I only met one of my great-grandparents, because the rest died before I was born. In my younger years I didn’t spend much time thinking of them, but I find myself increasingly connected to them. One hundred years ago, my great-grandparents had school-aged children, as I do now. They were young adults, younger than I am now, with the responsibility for managing large households without modern conveniences. They lived at a time of World Wars and great societal change. They had resilience and strength, ambition and determination.

In spite of the difficulties of life at that time, they also had incredible joy and optimism, and their love of life and family is what is recalled most clearly by my parents’ generation, who knew them in the waning years of their lives.

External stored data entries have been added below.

(* Let $\mathbb{K}\in\{\mathbb{R},\mathbb{C}\}$ and $\mathcal{A}=(A_1,\ldots,A_d)$ positive semidefinite matrices in $\mathbb{K}^{n\times n}$. For all positive integers $k,m$ with $mk\le d$, $$\mathrm{SRel}_{mk}(\mathcal{A})\le\mathrm{SRel}_k(\mathcal{A}).$$
   Context: $\langle x,y\rangle=x^\dagger y$ with $\dagger$ the (conjugate) transpose, $\|x\|^2=\langle x,x\rangle$. A real polynomial $f$ is written $f\succeq0$ if it is a sum of squares of real polynomials; when $\mathbb{K}=\mathbb{C}$, polynomials in $x$ are regarded as real polynomials in the $2n$ real variables $\operatorname{Re}x,\operatorname{Im}x$. Let $\mathcal{S}_k$ be the set of $k$-element subsets of $\{1,\ldots,d\}$, and for $t\in\mathbb{R}^d$, $E_k(t)=\binom dk^{-1}\sum_{I\in\mathcal{S}_k}\prod_{i\in I}t_i$. Define $\mathrm{SRel}_k(\mathcal{A})=\inf\{\lambda^{1/k}:\ \lambda\ge0,\ \lambda\|x\|^{2k}-E_k(\langle x,A_1x\rangle,\ldots,\langle x,A_dx\rangle)\succeq0\}$. *)

From HB Require Import structures.
From mathcomp Require Import all_boot all_order all_algebra.
From mathcomp Require Import classical_sets reals exp.
From mathcomp Require Import complex.
From mathcomp Require mpoly.

Set Implicit Arguments.
Unset Strict Implicit.
Unset Printing Implicit Defensive.
Import Order.TTheory GRing.Theory Num.Theory.
Local Open Scope ring_scope.
Local Open Scope classical_set_scope.

Definition elemE {K : fieldType} (d k : nat) (t : 'I_d -> K) : K :=
  ('C(d, k)%:R)^-1 * \sum_(I : {set 'I_d} | #|I| == k) \prod_(i in I) t i.
(* Let $G$ and $G'$ act on simply connected scwols $\mathcal X$ and $\mathcal X'$ with quotients $\mathcal Y=G\backslash\mathcal X$ and $\mathcal Y'=G'\backslash\mathcal X'$, let $L:\mathcal X\to\mathcal X'$ be a morphism of scwols equivariant with respect to a homomorphism $\Lambda:G\to G'$, with induced morphism $l:\mathcal Y\to\mathcal Y'$, and let $\lambda=\lambda_{C_\bullet,C'_\bullet,N_\bullet}:G(\mathcal Y)_{C_\bullet}\to G'(\mathcal Y')_{C'_\bullet}$ be the induced morphism for some choices $C_\bullet$, $C'_\bullet$, $N_\bullet$. Then $\lambda$ is a covering of complexes of groups if and only if $\Lambda$ is injective and $L$ is an isomorphism of scwols.
   Context: Scwols. A scwol $\mathcal X$ consists of a set $V(\mathcal X)$ of vertices, a set $E(\mathcal X)$ of edges, maps $i,t:E(\mathcal X)\to V(\mathcal X)$, and a composition $(a,b)\mapsto ab\in E(\mathcal X)$ defined on $E^{(2)}(\mathcal X)=\{(a,b): i(a)=t(b)\}$, such that $i(ab)=i(b)$, $t(ab)=t(a)$, $(ab)c=a(bc)$ whenever defined, and $i(a)\neq t(a)$ for all $a$. $\mathcal X$ is connected (resp. simply connected) if its geometric realization (one $k$-simplex for each sequence of $k$ composable edges) is. A morphism of scwols $l$ sends vertices to vertices and edges to edges and commutes with $i$, $t$ and composition; it is nondegenerate if for every vertex $\sigma$ it maps the edges with initial vertex $\sigma$ bijectively onto the edges with initial vertex $l(\sigma)$; an isomorphism is an invertible morphism. An action of a group $G$ on $\mathcal X$ is a homomorphism from $G$ to the automorphism group of $\mathcal X$ such that $g\cdot i(a)\neq t(a)$ for all $g,a$, and $g\cdot i(a)=i(a)$ implies $g\cdot a=a$. The quotient scwol $G\backslash\mathcal X$ has as vertices and edges the $G$-orbits with induced structure; a $\Lambda$-equivariant morphism $L$ ($L(g\alpha)=\Lambda(g)L(\alpha)$) induces a morphism $l$ of quotients. Complexes of groups. A complex of groups $G(\mathcal Y)=(G_\sigma,\psi_a,g_{a,b})$ over $\mathcal Y$ consists of groups $G_\sigma$, injective homomorphisms $\psi_a:G_{i(a)}\to G_{t(a)}$ and elements $g_{a,b}\in G_{t(a)}$ with $\mathrm{Ad}(g_{a,b})\psi_{ab}=\psi_a\psi_b$ and $\psi_a(g_{b,c})g_{a,bc}=g_{a,b}g_{ab,c}$. A morphism $\phi=(\phi_\sigma,\phi(a)):G(\mathcal Y)\to G'(\mathcal Y')$ over $l$ consists of homomorphisms $\phi_\sigma:G_\sigma\to G'_{l(\sigma)}$ and elements $\phi(a)\in G'_{t(l(a))}$ with $\mathrm{Ad}(\phi(a))\psi'_{l(a)}\phi_{i(a)}=\phi_{t(a)}\psi_a$ and $\phi_{t(a)}(g_{a,b})\phi(ab)=\phi(a)\psi'_{l(a)}(\phi(b))g'_{l(a),l(b)}$. A morphism $\phi$ over a nondegenerate $l$ with $\mathcal Y'$ connected is a covering if every $\phi_\sigma$ is injective and for every $a'\in E(\mathcal Y')$ and $\sigma\in V(\mathcal Y)$ with $t(a')=l(\sigma)$ the map $\coprod_{a\in l^{-1}(a'),\,t(a)=\sigma}G_\sigma/\psi_a(G_{i(a)})\to G'_{l(\sigma)}/\psi'_{a'}(G'_{i(a')})$ induced by $g\mapsto\phi_\sigma(g)\phi(a)$ is bijective. Associated complex of groups and induced morphism. If $G$ acts on $\mathcal X$ with quotient $\mathcal Y$, a choice $C_\bullet$ consists of a lift $\bar\sigma\in V(\mathcal X)$ of each $\sigma\in V(\mathcal Y)$ and, for each $a\in E(\mathcal Y)$, with $\bar a$ the unique lift of $a$ with $i(\bar a)=\overline{i(a)}$, an element $h_a\in G$ with $h_a\cdot t(\bar a)=\overline{t(a)}$. Then $G(\mathcal Y)_{C_\bullet}$ has $G_\sigma=\mathrm{Stab}_G(\bar\sigma)$, $\psi_a(g)=h_agh_a^{-1}$, $g_{a,b}=h_ah_bh_{ab}^{-1}$. Similarly $C'_\bullet=(\overline{\sigma'},h'_{a'})$ for $G'$ on $\mathcal X'$. A choice $N_\bullet=(k_\sigma)_{\sigma\in V(\mathcal Y)}$ consists of $k_\sigma\in G'$ with $k_\sigma\cdot L(\bar\sigma)=\overline{l(\sigma)}$; the induced morphism $\lambda_{C_\bullet,C'_\bullet,N_\bullet}$ over $l$ is $\lambda_\sigma(g)=k_\sigma\Lambda(g)k_\sigma^{-1}$, $\lambda(a)=k_{t(a)}\Lambda(h_a)k_{i(a)}^{-1}h'^{-1}_{l(a)}$. *)

From Stdlib Require Import List Relations.
Import ListNotations.
Set Implicit Arguments.

Record Grp := {
  gcar :> Type;
  gmul : gcar -> gcar -> gcar;
  gone : gcar;
  ginv : gcar -> gcar;
  gmulA : forall x y z, gmul x (gmul y z) = gmul (gmul x y) z;
  gmul1 : forall x, gmul gone x = x;
  gmulr1 : forall x, gmul x gone = x;
  gmulV : forall x, gmul (ginv x) x = gone;
  gmulrV : forall x, gmul x (ginv x) = gone
}.
Arguments gmul {g}.
Arguments gone {g}.
Arguments ginv {g}.

Definition group_hom {G G' : Grp} (f : G -> G') : Prop :=
  forall x y, f (gmul x y) = gmul (f x) (f y).

Definition injective_map {A B : Type} (f : A -> B) : Prop :=
  forall x y, f x = f y -> x = y.

(** * Scwols.  Composition is given as a total function [comp] whose
    values are only meaningful on composable pairs (i a = t b). *)
Record scwol := {
  sV : Type;
  sE : Type;
  si : sE -> sV;
  st : sE -> sV;
  comp : sE -> sE -> sE;
  comp_i : forall a b, si a = st b -> si (comp a b) = si b;
  comp_t : forall a b, si a = st b -> st (comp a b) = st a;
  comp_assoc : forall a b c, si a = st b -> si b = st c ->
      comp (comp a b) c = comp a (comp b c);
  no_loop : forall a, si a <> st a
}.

Definition is_morphism {X X' : scwol} (fV : sV X -> sV X') (fE : sE X -> sE X')
  : Prop :=
  (forall a, si X' (fE a) = fV (si X a)) /\
  (forall a, st X' (fE a) = fV (st X a)) /\
  (forall a b, si X a = st X b -> fE (comp X a b) = comp X' (fE a) (fE b)).

Definition nondegenerate {X X' : scwol} (fV : sV X -> sV X') (fE : sE X -> sE X')
  : Prop :=
  forall s : sV X,
    (forall a b, si X a = s -> si X b = s -> fE a = fE b -> a = b) /\
    (forall a', si X' a' = fV s -> exists a, si X a = s /\ fE a = a').

Definition is_isomorphism {X X' : scwol} (fV : sV X -> sV X') (fE : sE X -> sE X')
  : Prop :=
  is_morphism fV fE /\
  exists (gV : sV X' -> sV X) (gE : sE X' -> sE X),
    is_morphism gV gE /\
    (forall v, gV (fV v) = v) /\ (forall v', fV (gV v') = v') /\
    (forall a, gE (fE a) = a) /\ (forall a', fE (gE a') = a').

Thinking about my great-grandparents now gives me a lot of hope for the future. Despite the hardness of life, they persevered and lived happy lives. This gives me hope that we will too.

May 7

When I was 37 years old, I had surgery to remove a benign thyroid nodule. Such nodules are quite common, and are not usually cancerous. My gynecologist, who discovered the nodule during an exam when I was 35, and ordered an ultrasound to get a closer look, told me that it was unlikely to be cancerous. However, she sent me to a general surgeon for a needle biopsy.

The surgeon, for whom I have enormous respect, grew stern when I told him my gynecologist told me the nodule was probably not cancerous. He would not offer such a blanket reassurance without performing a biopsy and knowing for sure what I was facing. I knew that he was right, but this shook me up. For the first time in my life, I realized that there was a possibility that I could have a serious illness. (Fortunately, thyroid cancer has a very low mortality rate and is less complicated to treat than many cancers. But still, cancer is scary.)

The needle biopsy came back negative. No cancer. But I continued to see the surgeon every six months to a year to monitor the nodule. When it grew, he told me it was time to surgically remove it. The removed nodule would also be examined for cancer cells. The surgery involved an overnight stay in the hospital and a week-long recovery at home.

I was very lucky that the biopsy showed no cancer cells in the nodule, and I healed from the surgery and went on with my life. I have looked back on that experience with gratitude for the opportunity to contemplate, in a very real way, the fragility of my own life. Several weeks after my first meeting with the surgeon and the needle biopsy, I learned I was pregnant with my second child. I thought often during that pregnancy and the early months of my son’s life that I was so fortunate to enjoy these milestones without the complication of a cancer diagnosis. My son was 18 months old when I had the surgery, and he came with me to my follow-up appointment a couple of weeks later. The blessings of my life had never been clearer.

I’ve been looking back on this experience now, when all over the world we are dealing with the possibility of illness and the spectre of death in chilling ways. Usually we go through life without contemplating our mortality, but really none of us knows who among us will be alive from one day to the next. One benefit of this very difficult time is the opportunity to truly consider the blessing and fragility of life, the time of whose end is unknown for all of us.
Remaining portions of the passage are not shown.